Splash supports filtering requests based on Adblock Plus rules. You can use filters from EasyList to remove ads and tracking codes (and thus speedup page loading), and/or write filters manually to block some of the requests (e.g. to prevent rendering of images, mp3 files, custom fonts, etc.)

To activate request filtering support start splash with --filters-path option:

python3 -m splash.server --filters-path=/etc/splash/filters

Note

Proxy Profiles¶

Splash supports “proxy profiles” that allows to set proxy handling rules per-request using proxy parameter.

To enable proxy profiles support, run splash server with --proxy-profiles-path=<path to a folder with proxy profiles> option:

python3 -m splash.server --proxy-profiles-path=/etc/splash/proxy-profiles

Note

If you run Splash using Docker, check Folders Sharing.

Then create an INI file with “proxy profile” config inside the specified folder, e.g. /etc/splash/proxy-profiles/mywebsite.ini. Example contents of this file:

[proxy]

; required
host=proxy.crawlera.com
port=8010

; optional, default is no auth
username=username
password=password

; optional, default is HTTP. Allowed values are HTTP and SOCKS5
type=HTTP

[rules]
; optional, default ".*"
whitelist=
    .*mywebsite\.com.*

; optional, default is no blacklist
blacklist=
    .*\.js.*
    .*\.css.*
    .*\.png

whitelist and blacklist are newline-separated lists of regexes. If URL matches one of whitelist patterns and matches none of blacklist patterns, proxy specified in [proxy] section is used; no proxy is used otherwise.

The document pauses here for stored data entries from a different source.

(* Let $\mathcal G$ be a $\sigma$-compact locally compact Hausdorff étale groupoid, $\ell$ a continuous, proper, controlled length function on $\mathcal G$, and $\rho$ the induced extended metric. Let $u\in\mathcal G^{(0)}$ and $R,\varepsilon>0$. Then there are $S\in[R,R+\varepsilon)$, an open neighborhood $V$ of $u$ in $\mathcal G^{(0)}$, an open set $W\subseteq\mathcal G$ and a homeomorphism $f:\bar B_\rho(u,S)\times V\to W$ such that: (1) $f(u,v)=v$ for all $v\in V$; (2) $f(x,u)=x$ for all $x\in\bar B_\rho(u,S)$; (3) $f(\bar B_\rho(u,S)\times\{v\})=\bar B_\rho(v,S)$ for all $v\in V$; (4) $|\rho(x,y)-\rho(f(x,v),f(y,v))|<\varepsilon$ for all $x,y\in\bar B_\rho(u,S)$ and $v\in V$.
   Context: A length function is $\ell:\mathcal G\to[0,\infty)$ with $\ell(x)=0$ iff $x\in\mathcal G^{(0)}$, $\ell(x^{-1})=\ell(x)$, $\ell(xy)\le\ell(x)+\ell(y)$ for composable $x,y$. It is proper if every $K\subseteq\mathcal G\setminus\mathcal G^{(0)}$ with $\sup_K\ell<\infty$ is precompact, and controlled if $\sup_K\ell<\infty$ for every precompact $K$. The induced extended metric is $\rho(x,y)=\ell(xy^{-1})$ if $s(x)=s(y)$ and $\rho(x,y)=\infty$ otherwise. $\bar B_\rho(x,S)=\{y:\rho(x,y)\le S\}$ (a finite subset of the source fiber of $x$). *)

From HB Require Import structures.
From mathcomp Require Import all_boot all_order all_algebra.
From mathcomp Require Import all_classical all_reals all_analysis.
Set Implicit Arguments. Unset Strict Implicit. Unset Printing Implicit Defensive.
Import Order.TTheory GRing.Theory Num.Theory.
Import numFieldNormedType.Exports.
Local Open Scope classical_set_scope.
Local Open Scope ring_scope.

(* A groupoid on a carrier G: unit space G0 (a subset of G), source s,
   range r, multiplication m (meaningful on composable pairs s x = r y,
   i.e. m x y = "x y"), inversion i. *)
Definition is_groupoid (G : Type) (G0 : set G) (s r : G -> G)
    (m : G -> G -> G) (i : G -> G) : Prop :=
  [/\ (forall x, G0 (s x) /\ G0 (r x)) /\
        (forall u, G0 u -> s u = u /\ r u = u),
      (forall x y, s x = r y -> s (m x y) = s y /\ r (m x y) = r x),
      (forall x y z, s x = r y -> s y = r z -> m (m x y) z = m x (m y z)),
      (forall x, m (r x) x = x /\ m x (s x) = x) &
      (forall x, [/\ s (i x) = r x, r (i x) = s x,
                     m x (i x) = r x & m (i x) x = s x])].

Definition homeo_on (X Y : topologicalType) (A : set X) (B : set Y)
    (f : X -> Y) : Prop :=
  [/\ set_bij A B f, {within A, continuous f} &
      exists g : Y -> X, [/\ set_bij B A g,
        (forall x, A x -> g (f x) = x),
        (forall y, B y -> f (g y) = y) &
        {within B, continuous g}]].

Definition rel_open (X : topologicalType) (A V : set X) : Prop :=
  exists O, open O /\ V = O `&` A.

Then, to apply proxy rules according to this profile, add proxy=mywebsite parameter to request:

curl 'http://localhost:8050/render.html?url=http://mywebsite.com/page-with-javascript.html&proxy=mywebsite'

If default.ini profile is present, it will be used when proxy argument is not specified. If you have default.ini profile but don’t want to apply it pass none as proxy value.

Other Endpoints¶

_gc¶

To reclaim some RAM send a POST request to the /_gc endpoint:

curl -X POST http://localhost:8050/_gc

It runs the Python garbage collector and clears internal WebKit caches.

_debug¶

To get debug information about Splash instance (max RSS used, number of used file descriptors, active requests, request queue length, counts of alive objects) send a GET request to the /_debug endpoint:

curl http://localhost:8050/_debug

_ping¶

To ping Splash instance send a GET request to the /_ping endpoint:

curl http://localhost:8050/_ping

It returns “ok” status and max RSS used, if instance is alive.